### WORK REQUEST
From the data below, copy exactly the lines that lie between the one holding "sum_t g_t = N;" and the one holding "pose shift i := Ordinal (ltn_cdiff i c).", including both, and nothing more.

+++

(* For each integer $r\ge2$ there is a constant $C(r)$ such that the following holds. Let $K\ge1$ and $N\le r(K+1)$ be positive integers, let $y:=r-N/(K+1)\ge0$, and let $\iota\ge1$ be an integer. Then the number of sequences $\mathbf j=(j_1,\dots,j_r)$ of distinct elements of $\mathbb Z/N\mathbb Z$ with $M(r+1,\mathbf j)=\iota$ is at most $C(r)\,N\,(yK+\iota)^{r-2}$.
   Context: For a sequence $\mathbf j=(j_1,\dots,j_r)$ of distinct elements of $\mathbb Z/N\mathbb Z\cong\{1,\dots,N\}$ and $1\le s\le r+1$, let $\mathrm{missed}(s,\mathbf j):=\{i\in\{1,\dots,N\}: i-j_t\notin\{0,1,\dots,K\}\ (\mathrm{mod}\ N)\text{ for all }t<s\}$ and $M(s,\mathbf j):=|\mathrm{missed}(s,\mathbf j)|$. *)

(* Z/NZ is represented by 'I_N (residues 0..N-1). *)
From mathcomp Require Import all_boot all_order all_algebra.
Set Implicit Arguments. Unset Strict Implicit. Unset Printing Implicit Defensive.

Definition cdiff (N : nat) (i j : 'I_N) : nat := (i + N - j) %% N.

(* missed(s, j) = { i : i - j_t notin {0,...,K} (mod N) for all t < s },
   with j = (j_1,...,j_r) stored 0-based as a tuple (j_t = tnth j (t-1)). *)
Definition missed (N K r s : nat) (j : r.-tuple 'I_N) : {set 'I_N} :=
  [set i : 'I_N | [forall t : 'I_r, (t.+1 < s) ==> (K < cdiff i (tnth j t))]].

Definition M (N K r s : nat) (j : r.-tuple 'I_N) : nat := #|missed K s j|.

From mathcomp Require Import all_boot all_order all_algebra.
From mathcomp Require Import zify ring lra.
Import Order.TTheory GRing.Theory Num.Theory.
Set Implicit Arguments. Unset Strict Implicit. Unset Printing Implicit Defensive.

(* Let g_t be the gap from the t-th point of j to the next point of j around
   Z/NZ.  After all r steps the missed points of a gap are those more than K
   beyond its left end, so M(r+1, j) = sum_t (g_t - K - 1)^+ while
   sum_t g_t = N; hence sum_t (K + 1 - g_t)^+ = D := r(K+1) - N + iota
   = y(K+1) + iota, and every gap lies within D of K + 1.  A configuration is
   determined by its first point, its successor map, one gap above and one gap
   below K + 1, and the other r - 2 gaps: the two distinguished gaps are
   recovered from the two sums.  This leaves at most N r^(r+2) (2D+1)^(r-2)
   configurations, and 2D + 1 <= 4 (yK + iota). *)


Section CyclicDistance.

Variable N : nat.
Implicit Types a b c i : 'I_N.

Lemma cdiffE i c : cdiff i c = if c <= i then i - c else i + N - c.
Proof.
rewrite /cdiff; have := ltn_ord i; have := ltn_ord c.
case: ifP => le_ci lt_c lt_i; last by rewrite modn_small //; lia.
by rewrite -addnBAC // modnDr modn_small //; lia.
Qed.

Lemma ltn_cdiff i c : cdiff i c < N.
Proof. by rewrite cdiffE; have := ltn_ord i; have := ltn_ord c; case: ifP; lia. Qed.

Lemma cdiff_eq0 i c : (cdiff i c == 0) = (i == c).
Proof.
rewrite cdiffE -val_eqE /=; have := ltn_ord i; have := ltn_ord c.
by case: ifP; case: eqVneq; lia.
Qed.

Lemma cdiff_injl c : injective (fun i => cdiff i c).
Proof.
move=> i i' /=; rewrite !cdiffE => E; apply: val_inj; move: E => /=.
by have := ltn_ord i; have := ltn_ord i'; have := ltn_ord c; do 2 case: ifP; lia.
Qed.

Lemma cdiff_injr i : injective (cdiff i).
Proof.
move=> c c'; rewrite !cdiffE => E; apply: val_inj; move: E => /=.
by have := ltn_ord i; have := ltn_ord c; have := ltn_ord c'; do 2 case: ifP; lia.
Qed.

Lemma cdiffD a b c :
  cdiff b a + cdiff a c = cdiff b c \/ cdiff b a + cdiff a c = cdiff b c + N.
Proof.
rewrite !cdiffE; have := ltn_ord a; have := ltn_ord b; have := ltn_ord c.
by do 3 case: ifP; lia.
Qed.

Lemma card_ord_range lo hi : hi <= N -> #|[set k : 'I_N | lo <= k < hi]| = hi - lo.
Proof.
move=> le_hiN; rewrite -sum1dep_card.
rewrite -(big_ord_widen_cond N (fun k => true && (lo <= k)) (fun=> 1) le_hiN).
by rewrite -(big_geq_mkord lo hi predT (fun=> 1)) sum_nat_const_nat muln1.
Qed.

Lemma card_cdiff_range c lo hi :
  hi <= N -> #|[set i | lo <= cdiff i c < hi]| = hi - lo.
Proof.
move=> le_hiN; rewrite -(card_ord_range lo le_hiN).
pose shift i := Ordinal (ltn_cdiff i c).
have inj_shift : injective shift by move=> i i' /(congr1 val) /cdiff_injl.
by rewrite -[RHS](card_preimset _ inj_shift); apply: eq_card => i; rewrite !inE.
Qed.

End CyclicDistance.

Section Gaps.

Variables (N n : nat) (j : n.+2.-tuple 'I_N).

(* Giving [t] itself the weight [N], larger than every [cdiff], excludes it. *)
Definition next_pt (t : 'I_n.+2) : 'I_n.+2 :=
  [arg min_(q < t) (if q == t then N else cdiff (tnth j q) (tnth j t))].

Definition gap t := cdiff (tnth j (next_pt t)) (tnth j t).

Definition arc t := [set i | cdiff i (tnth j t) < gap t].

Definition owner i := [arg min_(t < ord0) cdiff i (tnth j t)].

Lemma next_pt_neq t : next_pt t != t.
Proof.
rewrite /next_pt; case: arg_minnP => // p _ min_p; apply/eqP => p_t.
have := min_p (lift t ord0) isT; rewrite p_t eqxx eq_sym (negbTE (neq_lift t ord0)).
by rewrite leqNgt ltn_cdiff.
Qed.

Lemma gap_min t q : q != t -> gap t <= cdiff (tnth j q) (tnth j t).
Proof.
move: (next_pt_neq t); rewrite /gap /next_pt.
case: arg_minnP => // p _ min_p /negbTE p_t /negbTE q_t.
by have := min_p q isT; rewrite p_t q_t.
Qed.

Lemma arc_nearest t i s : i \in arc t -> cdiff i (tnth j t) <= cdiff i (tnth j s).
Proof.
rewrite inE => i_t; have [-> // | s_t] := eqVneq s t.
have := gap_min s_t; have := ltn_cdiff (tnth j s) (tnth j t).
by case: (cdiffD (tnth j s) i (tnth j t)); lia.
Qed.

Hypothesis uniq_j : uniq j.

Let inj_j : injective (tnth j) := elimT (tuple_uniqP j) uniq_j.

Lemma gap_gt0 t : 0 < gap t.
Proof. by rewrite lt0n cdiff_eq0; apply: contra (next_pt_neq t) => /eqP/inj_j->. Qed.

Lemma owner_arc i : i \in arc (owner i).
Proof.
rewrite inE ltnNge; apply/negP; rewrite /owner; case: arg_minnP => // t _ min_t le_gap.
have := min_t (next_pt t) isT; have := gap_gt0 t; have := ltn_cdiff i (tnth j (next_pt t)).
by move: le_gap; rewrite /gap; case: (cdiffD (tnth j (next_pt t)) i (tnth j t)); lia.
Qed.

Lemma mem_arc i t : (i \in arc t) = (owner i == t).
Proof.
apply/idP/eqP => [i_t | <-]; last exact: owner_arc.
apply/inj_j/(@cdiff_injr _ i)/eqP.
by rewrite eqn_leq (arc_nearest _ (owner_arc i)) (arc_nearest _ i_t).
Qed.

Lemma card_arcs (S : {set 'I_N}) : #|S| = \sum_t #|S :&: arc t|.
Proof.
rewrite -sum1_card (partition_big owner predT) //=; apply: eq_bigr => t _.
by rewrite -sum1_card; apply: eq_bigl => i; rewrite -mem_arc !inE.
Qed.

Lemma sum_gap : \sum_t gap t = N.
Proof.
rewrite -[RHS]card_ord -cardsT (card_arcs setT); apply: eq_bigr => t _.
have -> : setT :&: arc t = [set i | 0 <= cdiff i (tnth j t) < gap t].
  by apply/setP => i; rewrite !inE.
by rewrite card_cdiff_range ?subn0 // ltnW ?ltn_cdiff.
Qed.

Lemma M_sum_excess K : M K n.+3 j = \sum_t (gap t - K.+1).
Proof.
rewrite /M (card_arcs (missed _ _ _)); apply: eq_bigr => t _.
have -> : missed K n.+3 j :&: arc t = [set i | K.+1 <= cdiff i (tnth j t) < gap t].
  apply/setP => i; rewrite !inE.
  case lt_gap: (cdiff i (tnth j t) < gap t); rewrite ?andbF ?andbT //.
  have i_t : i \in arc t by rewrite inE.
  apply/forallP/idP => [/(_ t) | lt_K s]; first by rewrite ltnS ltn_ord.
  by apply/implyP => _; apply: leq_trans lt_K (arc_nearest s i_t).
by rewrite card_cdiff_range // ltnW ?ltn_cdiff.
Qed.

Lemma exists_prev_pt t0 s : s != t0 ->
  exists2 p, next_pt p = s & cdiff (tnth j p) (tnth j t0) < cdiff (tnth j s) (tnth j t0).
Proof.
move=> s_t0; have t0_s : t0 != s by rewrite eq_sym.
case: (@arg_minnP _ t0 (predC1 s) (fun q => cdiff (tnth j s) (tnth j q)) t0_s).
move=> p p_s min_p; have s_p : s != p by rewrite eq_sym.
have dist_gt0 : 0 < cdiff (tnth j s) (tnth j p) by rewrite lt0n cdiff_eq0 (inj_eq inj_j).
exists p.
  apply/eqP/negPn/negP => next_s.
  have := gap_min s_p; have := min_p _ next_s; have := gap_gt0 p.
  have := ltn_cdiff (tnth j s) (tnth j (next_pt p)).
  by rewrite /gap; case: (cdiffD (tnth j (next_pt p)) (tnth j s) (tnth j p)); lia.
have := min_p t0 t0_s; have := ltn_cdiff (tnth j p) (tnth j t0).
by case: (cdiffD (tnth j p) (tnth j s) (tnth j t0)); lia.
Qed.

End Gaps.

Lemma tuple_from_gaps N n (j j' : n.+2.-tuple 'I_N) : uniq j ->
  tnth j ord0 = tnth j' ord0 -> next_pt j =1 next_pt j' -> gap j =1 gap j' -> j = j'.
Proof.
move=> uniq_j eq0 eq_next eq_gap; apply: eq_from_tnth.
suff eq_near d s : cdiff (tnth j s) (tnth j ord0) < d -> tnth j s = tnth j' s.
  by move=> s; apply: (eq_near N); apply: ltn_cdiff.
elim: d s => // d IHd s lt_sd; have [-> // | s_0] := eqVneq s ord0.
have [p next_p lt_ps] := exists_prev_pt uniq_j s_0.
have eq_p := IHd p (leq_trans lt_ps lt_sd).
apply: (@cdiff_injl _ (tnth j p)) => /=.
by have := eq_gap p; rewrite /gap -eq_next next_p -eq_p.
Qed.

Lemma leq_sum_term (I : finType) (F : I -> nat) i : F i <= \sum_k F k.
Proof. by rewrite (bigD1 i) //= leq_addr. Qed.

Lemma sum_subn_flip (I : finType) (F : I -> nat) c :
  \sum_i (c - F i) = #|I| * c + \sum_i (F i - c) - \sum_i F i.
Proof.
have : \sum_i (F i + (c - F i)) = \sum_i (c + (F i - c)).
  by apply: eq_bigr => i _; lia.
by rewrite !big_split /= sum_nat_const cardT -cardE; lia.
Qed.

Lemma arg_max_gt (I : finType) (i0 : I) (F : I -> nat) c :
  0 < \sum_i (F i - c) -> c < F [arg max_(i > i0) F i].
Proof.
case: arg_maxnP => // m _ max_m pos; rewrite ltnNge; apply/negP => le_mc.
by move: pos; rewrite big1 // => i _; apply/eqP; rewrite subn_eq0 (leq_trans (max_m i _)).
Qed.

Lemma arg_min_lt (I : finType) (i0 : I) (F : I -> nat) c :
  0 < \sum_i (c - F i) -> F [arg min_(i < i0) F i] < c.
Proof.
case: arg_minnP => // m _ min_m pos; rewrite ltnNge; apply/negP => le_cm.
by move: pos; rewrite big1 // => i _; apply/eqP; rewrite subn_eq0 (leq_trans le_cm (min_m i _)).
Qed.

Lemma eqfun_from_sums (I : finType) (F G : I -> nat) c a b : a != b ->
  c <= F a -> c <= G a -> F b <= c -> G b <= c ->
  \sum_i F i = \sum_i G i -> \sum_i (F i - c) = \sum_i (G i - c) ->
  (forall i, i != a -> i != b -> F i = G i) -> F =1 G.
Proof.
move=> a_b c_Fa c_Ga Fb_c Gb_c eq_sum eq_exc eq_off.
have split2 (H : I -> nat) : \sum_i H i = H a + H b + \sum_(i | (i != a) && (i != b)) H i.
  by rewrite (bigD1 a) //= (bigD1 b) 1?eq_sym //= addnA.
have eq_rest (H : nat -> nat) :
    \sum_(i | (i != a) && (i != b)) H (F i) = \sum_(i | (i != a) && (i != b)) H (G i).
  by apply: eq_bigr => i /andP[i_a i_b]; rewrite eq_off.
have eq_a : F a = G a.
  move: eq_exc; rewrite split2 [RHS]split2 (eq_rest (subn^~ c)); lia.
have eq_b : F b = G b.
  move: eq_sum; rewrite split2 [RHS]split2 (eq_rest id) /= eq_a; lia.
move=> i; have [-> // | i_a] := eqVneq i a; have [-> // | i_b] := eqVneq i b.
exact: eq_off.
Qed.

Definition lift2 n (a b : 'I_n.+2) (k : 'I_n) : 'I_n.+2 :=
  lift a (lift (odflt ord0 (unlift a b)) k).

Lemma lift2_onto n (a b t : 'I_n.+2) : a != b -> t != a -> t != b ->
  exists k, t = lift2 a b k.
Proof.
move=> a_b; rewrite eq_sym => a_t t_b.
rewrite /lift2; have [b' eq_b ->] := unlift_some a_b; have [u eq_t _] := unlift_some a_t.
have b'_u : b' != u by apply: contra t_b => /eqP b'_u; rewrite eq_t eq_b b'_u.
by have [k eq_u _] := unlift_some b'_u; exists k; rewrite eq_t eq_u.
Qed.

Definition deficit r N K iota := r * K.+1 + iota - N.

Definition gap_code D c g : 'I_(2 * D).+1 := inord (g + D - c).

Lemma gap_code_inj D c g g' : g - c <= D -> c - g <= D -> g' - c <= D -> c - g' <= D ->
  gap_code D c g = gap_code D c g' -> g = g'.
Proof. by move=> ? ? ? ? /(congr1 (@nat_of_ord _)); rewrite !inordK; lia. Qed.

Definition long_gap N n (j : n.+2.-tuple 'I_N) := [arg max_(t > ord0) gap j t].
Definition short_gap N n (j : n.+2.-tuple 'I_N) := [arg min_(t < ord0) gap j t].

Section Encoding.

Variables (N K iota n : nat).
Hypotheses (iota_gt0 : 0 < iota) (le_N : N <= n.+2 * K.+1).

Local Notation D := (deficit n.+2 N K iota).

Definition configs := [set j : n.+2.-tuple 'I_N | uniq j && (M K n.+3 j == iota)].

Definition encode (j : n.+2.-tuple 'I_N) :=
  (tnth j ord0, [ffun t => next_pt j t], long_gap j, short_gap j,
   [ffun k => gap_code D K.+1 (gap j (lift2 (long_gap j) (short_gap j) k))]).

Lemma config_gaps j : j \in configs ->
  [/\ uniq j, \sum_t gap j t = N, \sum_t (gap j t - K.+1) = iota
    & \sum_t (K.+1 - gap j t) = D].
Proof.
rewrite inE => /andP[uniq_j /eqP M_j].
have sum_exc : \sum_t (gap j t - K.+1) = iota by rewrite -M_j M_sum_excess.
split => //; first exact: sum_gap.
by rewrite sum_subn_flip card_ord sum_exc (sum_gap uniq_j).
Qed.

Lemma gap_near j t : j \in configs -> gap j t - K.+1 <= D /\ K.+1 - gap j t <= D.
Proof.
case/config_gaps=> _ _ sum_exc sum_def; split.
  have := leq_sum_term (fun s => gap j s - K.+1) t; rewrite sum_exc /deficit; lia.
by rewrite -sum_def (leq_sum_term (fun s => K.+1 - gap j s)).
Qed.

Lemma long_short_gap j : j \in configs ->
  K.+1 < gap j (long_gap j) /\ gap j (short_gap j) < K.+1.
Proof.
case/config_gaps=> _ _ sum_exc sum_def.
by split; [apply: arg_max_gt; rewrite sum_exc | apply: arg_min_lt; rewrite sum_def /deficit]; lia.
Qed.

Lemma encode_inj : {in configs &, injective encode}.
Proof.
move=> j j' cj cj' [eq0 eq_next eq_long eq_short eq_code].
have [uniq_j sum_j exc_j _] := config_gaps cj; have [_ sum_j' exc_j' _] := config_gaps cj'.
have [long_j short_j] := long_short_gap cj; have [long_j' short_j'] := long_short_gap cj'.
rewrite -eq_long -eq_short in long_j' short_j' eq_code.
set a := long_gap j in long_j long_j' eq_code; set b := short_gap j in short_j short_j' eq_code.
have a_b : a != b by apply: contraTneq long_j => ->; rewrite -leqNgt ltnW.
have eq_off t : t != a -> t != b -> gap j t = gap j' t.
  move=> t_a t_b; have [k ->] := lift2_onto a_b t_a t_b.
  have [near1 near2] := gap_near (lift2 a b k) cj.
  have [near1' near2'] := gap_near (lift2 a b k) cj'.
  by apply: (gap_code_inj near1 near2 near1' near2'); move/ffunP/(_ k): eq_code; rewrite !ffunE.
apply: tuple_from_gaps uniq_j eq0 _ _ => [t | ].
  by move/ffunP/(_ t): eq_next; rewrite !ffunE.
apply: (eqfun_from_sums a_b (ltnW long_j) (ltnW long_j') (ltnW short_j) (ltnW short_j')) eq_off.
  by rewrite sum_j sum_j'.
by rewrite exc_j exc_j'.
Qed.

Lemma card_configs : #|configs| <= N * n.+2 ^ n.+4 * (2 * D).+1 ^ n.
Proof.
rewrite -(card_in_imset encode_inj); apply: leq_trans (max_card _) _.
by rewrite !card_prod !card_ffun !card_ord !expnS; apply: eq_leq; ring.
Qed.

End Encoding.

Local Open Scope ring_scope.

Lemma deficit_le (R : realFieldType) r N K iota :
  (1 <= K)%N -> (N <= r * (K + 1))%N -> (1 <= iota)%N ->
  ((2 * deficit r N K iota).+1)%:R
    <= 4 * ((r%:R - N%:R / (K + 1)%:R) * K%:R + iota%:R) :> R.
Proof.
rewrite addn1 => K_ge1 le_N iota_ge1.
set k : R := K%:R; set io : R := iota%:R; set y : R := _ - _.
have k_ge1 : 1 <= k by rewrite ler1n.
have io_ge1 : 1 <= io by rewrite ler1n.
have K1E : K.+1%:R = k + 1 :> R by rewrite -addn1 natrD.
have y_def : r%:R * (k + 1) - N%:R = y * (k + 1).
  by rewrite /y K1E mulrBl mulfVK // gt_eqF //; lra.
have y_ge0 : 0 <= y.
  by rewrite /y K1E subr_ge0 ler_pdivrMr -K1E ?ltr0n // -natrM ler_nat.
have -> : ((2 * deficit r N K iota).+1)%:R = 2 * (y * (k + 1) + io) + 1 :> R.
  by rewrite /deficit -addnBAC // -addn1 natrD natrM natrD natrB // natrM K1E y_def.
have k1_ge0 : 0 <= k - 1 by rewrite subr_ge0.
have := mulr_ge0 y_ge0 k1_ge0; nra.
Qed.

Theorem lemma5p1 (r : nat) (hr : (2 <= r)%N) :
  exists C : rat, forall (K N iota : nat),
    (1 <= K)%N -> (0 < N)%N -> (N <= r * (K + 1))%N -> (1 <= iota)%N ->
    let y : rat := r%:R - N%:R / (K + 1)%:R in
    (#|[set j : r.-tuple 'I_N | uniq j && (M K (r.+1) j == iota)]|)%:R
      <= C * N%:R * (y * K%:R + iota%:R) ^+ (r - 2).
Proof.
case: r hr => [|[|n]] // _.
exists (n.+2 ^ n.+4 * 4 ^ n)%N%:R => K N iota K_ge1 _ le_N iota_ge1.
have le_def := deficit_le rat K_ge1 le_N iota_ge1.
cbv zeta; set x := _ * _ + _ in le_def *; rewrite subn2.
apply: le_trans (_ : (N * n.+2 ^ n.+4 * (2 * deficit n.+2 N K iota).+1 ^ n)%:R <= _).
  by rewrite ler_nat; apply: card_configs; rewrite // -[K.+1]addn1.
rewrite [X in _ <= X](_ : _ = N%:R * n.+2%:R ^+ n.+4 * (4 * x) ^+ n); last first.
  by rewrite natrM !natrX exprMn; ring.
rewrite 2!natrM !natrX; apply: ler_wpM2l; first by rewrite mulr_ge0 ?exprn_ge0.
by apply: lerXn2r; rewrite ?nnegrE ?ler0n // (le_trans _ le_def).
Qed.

+++

### SOLUTION BELOW
   sum_t g_t = N; hence sum_t (K + 1 - g_t)^+ = D := r(K+1) - N + iota
   = y(K+1) + iota, and every gap lies within D of K + 1.  A configuration is
   determined by its first point, its successor map, one gap above and one gap
   below K + 1, and the other r - 2 gaps: the two distinguished gaps are
   recovered from the two sums.  This leaves at most N r^(r+2) (2D+1)^(r-2)
   configurations, and 2D + 1 <= 4 (yK + iota). *)


Section CyclicDistance.

Variable N : nat.
Implicit Types a b c i : 'I_N.

Lemma cdiffE i c : cdiff i c = if c <= i then i - c else i + N - c.
Proof.
rewrite /cdiff; have := ltn_ord i; have := ltn_ord c.
case: ifP => le_ci lt_c lt_i; last by rewrite modn_small //; lia.
by rewrite -addnBAC // modnDr modn_small //; lia.
Qed.

Lemma ltn_cdiff i c : cdiff i c < N.
Proof. by rewrite cdiffE; have := ltn_ord i; have := ltn_ord c; case: ifP; lia. Qed.

Lemma cdiff_eq0 i c : (cdiff i c == 0) = (i == c).
Proof.
rewrite cdiffE -val_eqE /=; have := ltn_ord i; have := ltn_ord c.
by case: ifP; case: eqVneq; lia.
Qed.

Lemma cdiff_injl c : injective (fun i => cdiff i c).
Proof.
move=> i i' /=; rewrite !cdiffE => E; apply: val_inj; move: E => /=.
by have := ltn_ord i; have := ltn_ord i'; have := ltn_ord c; do 2 case: ifP; lia.
Qed.

Lemma cdiff_injr i : injective (cdiff i).
Proof.
move=> c c'; rewrite !cdiffE => E; apply: val_inj; move: E => /=.
by have := ltn_ord i; have := ltn_ord c; have := ltn_ord c'; do 2 case: ifP; lia.
Qed.

Lemma cdiffD a b c :
  cdiff b a + cdiff a c = cdiff b c \/ cdiff b a + cdiff a c = cdiff b c + N.
Proof.
rewrite !cdiffE; have := ltn_ord a; have := ltn_ord b; have := ltn_ord c.
by do 3 case: ifP; lia.
Qed.

Lemma card_ord_range lo hi : hi <= N -> #|[set k : 'I_N | lo <= k < hi]| = hi - lo.
Proof.
move=> le_hiN; rewrite -sum1dep_card.
rewrite -(big_ord_widen_cond N (fun k => true && (lo <= k)) (fun=> 1) le_hiN).
by rewrite -(big_geq_mkord lo hi predT (fun=> 1)) sum_nat_const_nat muln1.
Qed.

Lemma card_cdiff_range c lo hi :
  hi <= N -> #|[set i | lo <= cdiff i c < hi]| = hi - lo.
Proof.
move=> le_hiN; rewrite -(card_ord_range lo le_hiN).
pose shift i := Ordinal (ltn_cdiff i c).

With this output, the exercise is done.